Man-su promises his family: three months, and he’ll have found another job in the industry. More than a year later, he’s still looking. Wife Lee Mi-ri (Son Ye-jin), having taken charge of the finances, informs her spouse they’re in danger of losing the house, his cherished childhood home. Even though she went to work as a dental hygienist (for a handsome, clingy young doctor), they can’t afford to continue lessons for their autistic but gifted cello-playing daughter. As time wears on, son Si-one lands in trouble trying to steal iPhones with a pal.

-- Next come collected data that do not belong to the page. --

(* Let $m\geq 13$ and $k\geq 1$ be integers and let $c(x)=1+\sum_{j\in\{2,3,6\}}(x^j+x^{m-j})\in\mathbb{F}_2[x]$. Then $\gcd(c(x^k),x^m-1)=1$ if and only if $\gcd(m,3k)=\gcd(m,7k)=\gcd(m,k)$.
   Context: All polynomials are over $\mathbb{F}_2$. *)

From HB Require Import structures.
From mathcomp Require Import all_boot all_order all_algebra.
Set Implicit Arguments. Unset Strict Implicit. Unset Printing Implicit Defensive.
Import GRing.Theory.
Local Open Scope ring_scope.

Definition cpoly (m : nat) : {poly 'F_2} :=
  1 + \sum_(j <- [:: 2%N; 3%N; 6%N]) ('X^j + 'X^(m - j)).

From HB Require Import structures.
From mathcomp Require Import all_boot all_order all_algebra.
From mathcomp Require Import ring zify.
Set Implicit Arguments. Unset Strict Implicit. Unset Printing Implicit Defensive.
Import GRing.Theory.
Local Open Scope ring_scope.

(* Proof of Proposition 5.  Write y = x^k and Phi_q(y) = 1 + y + ... + y^(q-1).
   1. Multiplying c(y) by y^6, which is a unit modulo x^m - 1, and reducing
      y^m to 1 turns c(y) into y^12+y^9+y^8+y^6+y^4+y^3+1, which over F_2
      factors as Phi_3(y)^3 * Phi_7(y).  Hence c(y) is coprime to x^m - 1
      iff both Phi_3(y) and Phi_7(y) are.
   2. For any integral domain and q with q = 1 in the coefficient ring,
      Phi_q(x^k) is coprime to x^m - 1 iff gcd(m, qk) = gcd(m, k).  This
      rests on two facts: common divisors of x^a - 1 and x^b - 1 divide
      x^gcd(a,b) - 1 (Bezout in the exponents), and
      (x^k - 1) Phi_q(x^k) = x^qk - 1 with Phi_q(x^k) = q mod (x^k - 1).
   Since 3 = 7 = 1 in F_2, the theorem is the conjunction of 2. for q = 3, 7.
   The file first proves 2. over an arbitrary integral domain, then the
   characteristic-2 facts and the reduction 1., and finally the theorem. *)

Definition geom (R : comNzRingType) (x : R) (n : nat) : R := \sum_(i < n) x ^+ i.

Lemma geom_mod_subr1 (R : comNzRingType) (x : R) (n : nat) :
  exists S : R, geom x n = (x - 1) * S + n%:R.
Proof.
exists (\sum_(i < n) geom x i).
rewrite /geom mulr_sumr -[n in n%:R]card_ord -sumr_const -big_split /=.
by apply: eq_bigr => i _; rewrite -subrX1 subrK.
Qed.

Section CyclicDivisibility.
Variable R : idomainType.
Implicit Types D : {poly R}.

Lemma dvdp_Xn_sub1 (a b : nat) :
  (a %| b)%N -> ('X^a - 1 : {poly R}) %| 'X^b - 1.
Proof.
by move=> /dvdnP[c ->]; rewrite mulnC exprM (subrX1 'X^a) dvdp_mulIl.
Qed.

(* A common divisor of x^a - 1 and x^b - 1 divides x^gcd(a,b) - 1: write
   gcd(a,b) = a c - b u and x^g - 1 = (x^ac - 1) - x^g (x^bu - 1). *)
Lemma dvdp_Xn_sub1_gcd D (a b : nat) : (0 < a)%N ->
  D %| 'X^a - 1 -> D %| 'X^b - 1 -> D %| 'X^(gcdn a b) - 1.
Proof.
move=> a_gt0 Da Db; have [u _ /dvdnP[c bezout]] := Bezoutl b a_gt0.
have -> : ('X^(gcdn a b) - 1 : {poly R}) =
   ('X^(a * c) - 1) - 'X^(gcdn a b) * ('X^(b * u) - 1).
  by rewrite (mulnC a c) -bezout exprD (mulnC b u); ring.
apply: dvdp_sub; first exact: dvdp_trans Da (dvdp_Xn_sub1 (dvdn_mulr c _)).
exact/dvdp_mull/(dvdp_trans Db (dvdp_Xn_sub1 (dvdn_mulr u _))).
Qed.

Lemma dvdp_Xn_sub1_leq (a b : nat) : (0 < b)%N ->
  ('X^a - 1 : {poly R}) %| 'X^b - 1 -> (a <= b)%N.
Proof.
move=> b_gt0; have [-> // | a_gt0] := posnP a.
rewrite -polyC1 => dvd; have nz : ('X^b - 1%:P : {poly R}) != 0.
  by rewrite -size_poly_eq0 size_XnsubC.
by have := dvdp_leq nz dvd; rewrite !size_XnsubC.
Qed.

Lemma coprimep_geom_Xn_sub1 (m k q : nat) :
  (0 < m)%N -> (0 < k)%N -> (0 < q)%N -> q%:R = 1 :> R ->
  coprimep (geom ('X^k) q) ('X^m - 1 : {poly R}) = (gcdn m (q * k) == gcdn m k).
Proof.
move=> m_gt0 k_gt0 q_gt0 q1.
have [S F_mod] := geom_mod_subr1 ('X^k : {poly R}) q.
rewrite -polyC_natr q1 polyC1 in F_mod.
set F := geom ('X^k) q in F_mod *.
have F_factor : 'X^(q * k) - 1 = ('X^k - 1) * F by rewrite mulnC exprM subrX1.
apply/idP/eqP => [cop | gcd_eq].
- (* x^gcd(m,qk) - 1 is coprime to F, hence divides x^k - 1. *)
  have cop_h : coprimep ('X^(gcdn m (q * k)) - 1) F.
    by rewrite coprimep_sym; apply: coprimep_dvdl cop; exact/dvdp_Xn_sub1/dvdn_gcdl.
  have dvd_k : ('X^(gcdn m (q * k)) - 1 : {poly R}) %| 'X^k - 1.
    by rewrite -(Gauss_dvdpl _ cop_h) -F_factor; exact/dvdp_Xn_sub1/dvdn_gcdr.
  have := dvdp_Xn_sub1_gcd k_gt0 dvd_k (dvdp_Xn_sub1 (dvdn_gcdl m (q * k))).
  move=> /dvdp_Xn_sub1_leq; rewrite gcdn_gt0 k_gt0 (gcdnC k) => /(_ isT) le.
  by apply/eqP; rewrite eqn_leq le dvdn_leq ?gcdn_gt0 ?m_gt0 ?dvdn_gcd
    ?dvdn_gcdl ?dvdn_mull ?dvdn_gcdr.
- (* A common divisor D divides x^gcd(m,qk) - 1 = x^gcd(m,k) - 1, hence
     x^k - 1, and so also F - (x^k - 1) S = 1. *)
  apply/coprimepP => D DF Dm.
  have Dqk : D %| 'X^(q * k) - 1 by rewrite F_factor dvdp_mull.
  have qk_gt0 : (0 < q * k)%N by rewrite muln_gt0 q_gt0.
  have := dvdp_Xn_sub1_gcd qk_gt0 Dqk Dm.
  rewrite gcdnC gcd_eq => /dvdp_trans/(_ (dvdp_Xn_sub1 (dvdn_gcdr m k))) Dk.
  have D1 : D %| 1.
    have -> : (1 : {poly R}) = F - ('X^k - 1) * S by rewrite F_mod; ring.
    by rewrite dvdp_sub ?dvdp_mulr.
  by rewrite /eqp D1 dvd1p.
Qed.

End CyclicDivisibility.

Section Characteristic2.
Variable R : comNzRingType.
Hypothesis pchar2 : 2 \in [pchar R].

Lemma eq_mod2 (a b c : R) : a = b + 2%:R * c -> a = b.
Proof. by rewrite (pcharf0 pchar2) mul0r addr0. Qed.

Lemma natr_odd_pchar2 (q : nat) : odd q -> q%:R = 1 :> R.
Proof.
move=> q_odd; rewrite -(odd_double_half q) q_odd natrD -muln2 natrM.
by rewrite (pcharf0 pchar2) mulr0 addr0.
Qed.

End Characteristic2.

Lemma pchar2_F2 : 2 \in [pchar 'F_2].
Proof. exact: pchar_Fp. Qed.

Lemma factor_F2 (y : {poly 'F_2}) :
  y^+12 + y^+9 + y^+8 + y^+6 + y^+4 + y^+3 + 1 = geom y 3 ^+ 3 * geom y 7.
Proof.
have pchar2 : 2 \in [pchar {poly 'F_2}] by rewrite pchar_poly pchar2_F2.
rewrite /geom !big_ord_recr big_ord0 /=.
(* Over the integers the two sides differ by twice the cofactor below. *)
apply: (@eq_mod2 _ pchar2 _ _ (- (2 * y + 5%:R * y^+2 + 8%:R * y^+3 + 11%:R * y^+4
  + 13%:R * y^+5 + 13%:R * y^+6 + 13%:R * y^+7 + 11%:R * y^+8 + 8%:R * y^+9
  + 5%:R * y^+10 + 2%:R * y^+11))).
ring.
Qed.

Lemma cpoly_shift (m : nat) (y : {poly 'F_2}) : (6 <= m)%N ->
  y ^+ 6 * (cpoly m \Po y)
  = geom y 3 ^+ 3 * geom y 7 + (y ^+ 4 + y ^+ 3 + 1) * (y ^+ m - 1).
Proof.
move=> m_ge6; have [n ->] : exists n, m = (n + 6)%N by exists (m - 6)%N; lia.
rewrite -factor_F2 /cpoly !big_cons big_nil !comp_polyD !comp_Xn_poly comp_poly0.
rewrite -polyC1 comp_polyC polyC1.
have -> : (n + 6 - 2 = n + 4)%N by lia.
have -> : (n + 6 - 3 = n + 3)%N by lia.
have -> : (n + 6 - 6 = n)%N by lia.
by rewrite !exprD; ring.
Qed.

Lemma coprimep_cpoly (m k : nat) : (6 <= m)%N ->
  coprimep (cpoly m \Po 'X^k) ('X^m - 1) =
  coprimep (geom ('X^k) 3 ^+ 3 * geom ('X^k) 7 : {poly 'F_2}) ('X^m - 1).
Proof.
move=> m_ge6; have cop_y6 : coprimep ('X^k ^+ 6) ('X^m - 1 : {poly 'F_2}).
  apply/coprimep_expl/coprimep_expl; rewrite coprimep_sym coprimepX rootE.
  by rewrite !hornerE expr0n gtn_eqF ?sub0r ?oppr_eq0 ?oner_eq0 //; lia.
rewrite -[LHS]andTb -cop_y6 -coprimepMl cpoly_shift //.
have [W ->] : exists W, 'X^k ^+ m - 1 = W * ('X^m - 1 : {poly 'F_2}).
  by apply/dvdpP; rewrite -exprM mulnC dvdp_Xn_sub1 ?dvdn_mulr.
by rewrite mulrA coprimep_sym [_ + _ * _]addrC coprimep_addl_mul coprimep_sym.
Qed.

Theorem proposition5 (m k : nat) (hm : (13 <= m)%N) (hk : (1 <= k)%N) :
  coprimep (cpoly m \Po 'X^k) ('X^m - 1)
  <-> (gcdn m (3 * k) = gcdn m k /\ gcdn m (7 * k) = gcdn m k).
Proof.
have m_gt0 : (0 < m)%N by lia.
rewrite coprimep_cpoly; last by lia.
rewrite coprimepMl coprimep_pexpl //.
rewrite !coprimep_geom_Xn_sub1 ?(natr_odd_pchar2 pchar2_F2) //.
by split => [/andP[/eqP -> /eqP ->] | [-> ->]] //; rewrite !eqxx.
Qed.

Still, Mansu doggedly clings to his dream. And then it happens: he hits upon the perfect job at a new paper company. Only there’s a problem. Actually, three problems. First, there’s the guy who currently holds the job, Choi Seon-chul (Park Hee-soon), a social media influencer. And then there are two paper-makers who would be his chief competition to replace Seon-chul: Ko Si-jo (Cha Seung-won), who is making do as a shoe salesman, and Goo Beom-mo (Lee Sung-min), who has fallen into despair over not finding a job. They have formidable resumes. What can Man-su do? Well, there is one way. It requires more nerve than Man-su appears to be able to muster. But he will see it through. He has no other choice.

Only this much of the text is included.